# new coming bands vs old classic bands



## Seening (May 23, 2011)

I really would like to know what your tastes are. Can you write which of you like more new bands and which old classic bands? and why? Thanks for your replays!


----------



## regressivetransphobe (May 16, 2011)

Ehh, that's kind of a false dichotomy. Hard to split it so evenly with so many genres.
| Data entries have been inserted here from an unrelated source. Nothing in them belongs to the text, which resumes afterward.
Lemma cross_dot_wronskian_psi_pos x : 1 < x <= 1732 / 1000 ->
  0 < Derive (cross_deriv psi1 psi2) x * dot_deriv psi1 psi2 x
      - cross_deriv psi1 psi2 x * Derive (dot_deriv psi1 psi2) x.
Proof.
  intros Hx.
  destruct (psi_common_ode x ltac:(lra)) as (E1 & E2 & O1 & O2).
  rewrite (cross_dot_wronskian _ _ _ _ _ E1 E2 O1 O2).
  assert (W := cross_deriv_psi_pos x Hx); assert (En := psi_energy_lt x Hx).
  assert (Hq : 0 < x ^ 2 * (x ^ 2 - 1)) by (apply Rmult_lt_0_compat; nra).
  set (q := x ^ 2 * (x ^ 2 - 1)) in *.
  set (S := psi1 x ^ 2 + psi2 x ^ 2) in *; set (D := Derive psi1 x ^ 2 + Derive psi2 x ^ 2) in *.
  replace (-3 / q * S + D) with (- ((3 * S - q * D) / q)) by (field; lra).
  assert (0 < (3 * S - q * D) / q) by (apply Rdiv_lt_0_compat; lra).
  nra.
Qed.

Lemma Wphi_scaled y : Wphi y = 4 * (4 / (3 * PI)) ^ 2 * cross_deriv psi1 psi2 y.
Proof.
  unfold Wphi, cross_deriv, phi1, phi2; rewrite !Derive_scal.
  assert (PI <> 0) by apply PI_neq0; field; auto.
Qed.

Lemma Qphi_scaled y : Qphi y = 16 * (4 / (3 * PI)) ^ 2 * dot_deriv psi1 psi2 y.
Proof.
  unfold Qphi, dot_deriv, phi1, phi2; rewrite !Derive_scal.
  assert (PI <> 0) by apply PI_neq0; field; auto.
Qed.

Lemma nu_scaled x : nu x = 64 * (4 / (3 * PI)) ^ 4 *
  (Derive (cross_deriv psi1 psi2) x * dot_deriv psi1 psi2 x
   - cross_deriv psi1 psi2 x * Derive (dot_deriv psi1 psi2) x).
Proof.
  unfold nu.
  rewrite (Derive_ext _ _ _ Wphi_scaled), (Derive_ext _ _ _ Qphi_scaled), !Derive_scal,
    Wphi_scaled, Qphi_scaled.
  ring.
Qed.

Lemma mu_as_ratio x : mu x = dot_deriv psi1 psi2 x / cross_deriv psi1 psi2 x.
Proof. reflexivity. Qed.

Theorem mainTheorem12 :
  (forall x : R, 1 < x <= 1732 / 1000 -> 0 < nu x) /\
  (forall x y : R, 1 < x -> x < y -> y <= 1732 / 1000 -> mu y < mu x).
Proof.
  split.
  - intros x Hx; rewrite nu_scaled.
    apply Rmult_lt_0_compat; [| apply cross_dot_wronskian_psi_pos, Hx].
    assert (0 < 4 / (3 * PI)) by (pose proof PI_RGT_0; apply Rdiv_lt_0_compat; lra).
    assert (0 < (4 / (3 * PI)) ^ 4) by (apply pow_lt; lra); lra.
  - intros x y Hx Hxy Hy; rewrite !mu_as_ratio.
    apply ratio_decreasing; [exact Hxy |].
    intros z Hz; destruct (psi_common_ode z ltac:(lra)) as (E1 & E2 & O1 & O2).
    split; [| split; [| split]].
    + eexists; apply (is_derive_cross_deriv _ _ _ _ _ E1 E2 O1 O2).
    + eexists; apply (is_derive_dot_deriv _ _ _ _ _ E1 E2 O1 O2).
    + apply Rgt_not_eq, cross_deriv_psi_pos; lra.
    + apply cross_dot_wronskian_psi_pos; lra.
Qed.
Lemma exists_two_neighbours x : exists y z, [/\ e x y, e x z & y != z].
Proof.
case: tc => T3 cT cTv.
have [w] : exists w, w \notin [set x] by apply: exists_notin; rewrite cards1; lia.
rewrite in_set1 eq_sym => xw.
have [y exy _] := connected_in_step cT (in_setT x) (in_setT w) xw.
have [w'] : exists w', w' \notin [set x; y].
  by apply: exists_notin; rewrite cards2; case: (x != y); lia.
rewrite !inE negb_or eq_sym => /andP[xw' w'y].
have xS : x \in setT :\ y by rewrite !inE andbT; apply: contraTneq exy => ->; rewrite eirr.
have w'S : w' \in setT :\ y by rewrite !inE w'y.
have [z exz] := connected_in_step (cTv y) xS w'S xw'.
by rewrite !inE andbT => zy; exists y, z; rewrite eq_sym.
Qed.

Lemma exists_cycle : exists c, is_cycle e c.
Proof.
case: tc => T3 _ _.
have [x0 _] : exists x0, x0 \in T by apply/card_gt0P; exact: ltn_trans T3.
have [p [[ps pu _] pmax]] := maximal_path (in_setT x0).
set y := last x0 p in pmax.
have [y1 [y2 [ey1 ey2 y12]]] := exists_two_neighbours y.
have [|L [r [R [Ep eyr nL]]]] := @split_first _ (e y) (x0 :: p).
  by apply/hasP; exists y1 => //; apply: pmax.
have yR : y = last r R by rewrite /y -(last_cons x0) Ep last_cat.
have inR w : e y w -> w \in r :: R.
  move=> eyw; have := pmax w (in_setT w) eyw; rewrite Ep mem_cat => /orP[wL|//].
  by case/hasP: nL; exists w.
exists (r :: R); split.
- have ny w : e y w -> y != w by apply: contraTneq => <-; rewrite eirr.
  have : uniq [:: y; y1; y2] by rewrite /= !inE negb_or ny // ny // y12.
  move/uniq_leq_size => /(_ (r :: R)) /=; apply=> w /[!inE] /or3P[] /eqP->.
  - by rewrite yR; exact: mem_last.
  - exact: inR.
  - exact: inR.
- by move: pu; rewrite Ep cat_uniq => /and3P[].
- rewrite /cycle rcons_path -yR eyr andbT.
  by move: ps; rewrite Ep => /cat_sorted2[].
Qed.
Anyway, anybody who feels like they lean more toward older (by what measure?) bands need to remember that a lot of the old mediocrities and flavors of the week are buried and forgotten by now. The new stuff that's horrible is still in the immediate loudness of its 15 minutes of fame, and constantly in our face, so it's all too easy to pretend "the old days" (relative to any time) were better musically and use that cynicism as an excuse not to seek out the good obscure stuff today.


----------



## kv466 (May 18, 2011)

Yeah, people today just keep pumping out stuff as significant as Axis: Bold As Love and Houses of the Holy all the time these days!...The Wall, Animals and all those Beatles albums are good but if you really want you can find stuff just as good today......give me a break......


----------



## tdc (Jan 17, 2011)

Rock music started to bore me a looooonnnnngggg time ago, so I cant really speak about most new bands, but I will say, most non-classical music nowadays is (and lets face it, its pretty much always been this way) is pretty much equally about the image an artist is selling as much as the sounds themselves being produced therefore 'art music' always wins out for me, and I don't pay much attention to the rest. No false idols or rock gods for me thank you very much.


----------



## Iforgotmypassword (May 16, 2011)

I like music of all genres from all time periods, I don't allow simple things such as old and new to prejudice me against them.


----------



## Weston (Jul 11, 2008)

regressivetransphobe said:


> Ehh, that's kind of a false dichotomy. Hard to split it so evenly with so many genres.
> 
> Anyway, anybody who feels like they lean more toward older (by what measure?) bands need to remember that a lot of the old mediocrities and flavors of the week are buried and forgotten by now. The new stuff that's horrible is still in the immediate loudness of its 15 minutes of fame, and constantly in our face, so it's all too easy to pretend "the old days" (relative to any time) were better musically and use that cynicism as an excuse not to seek out the good obscure stuff today.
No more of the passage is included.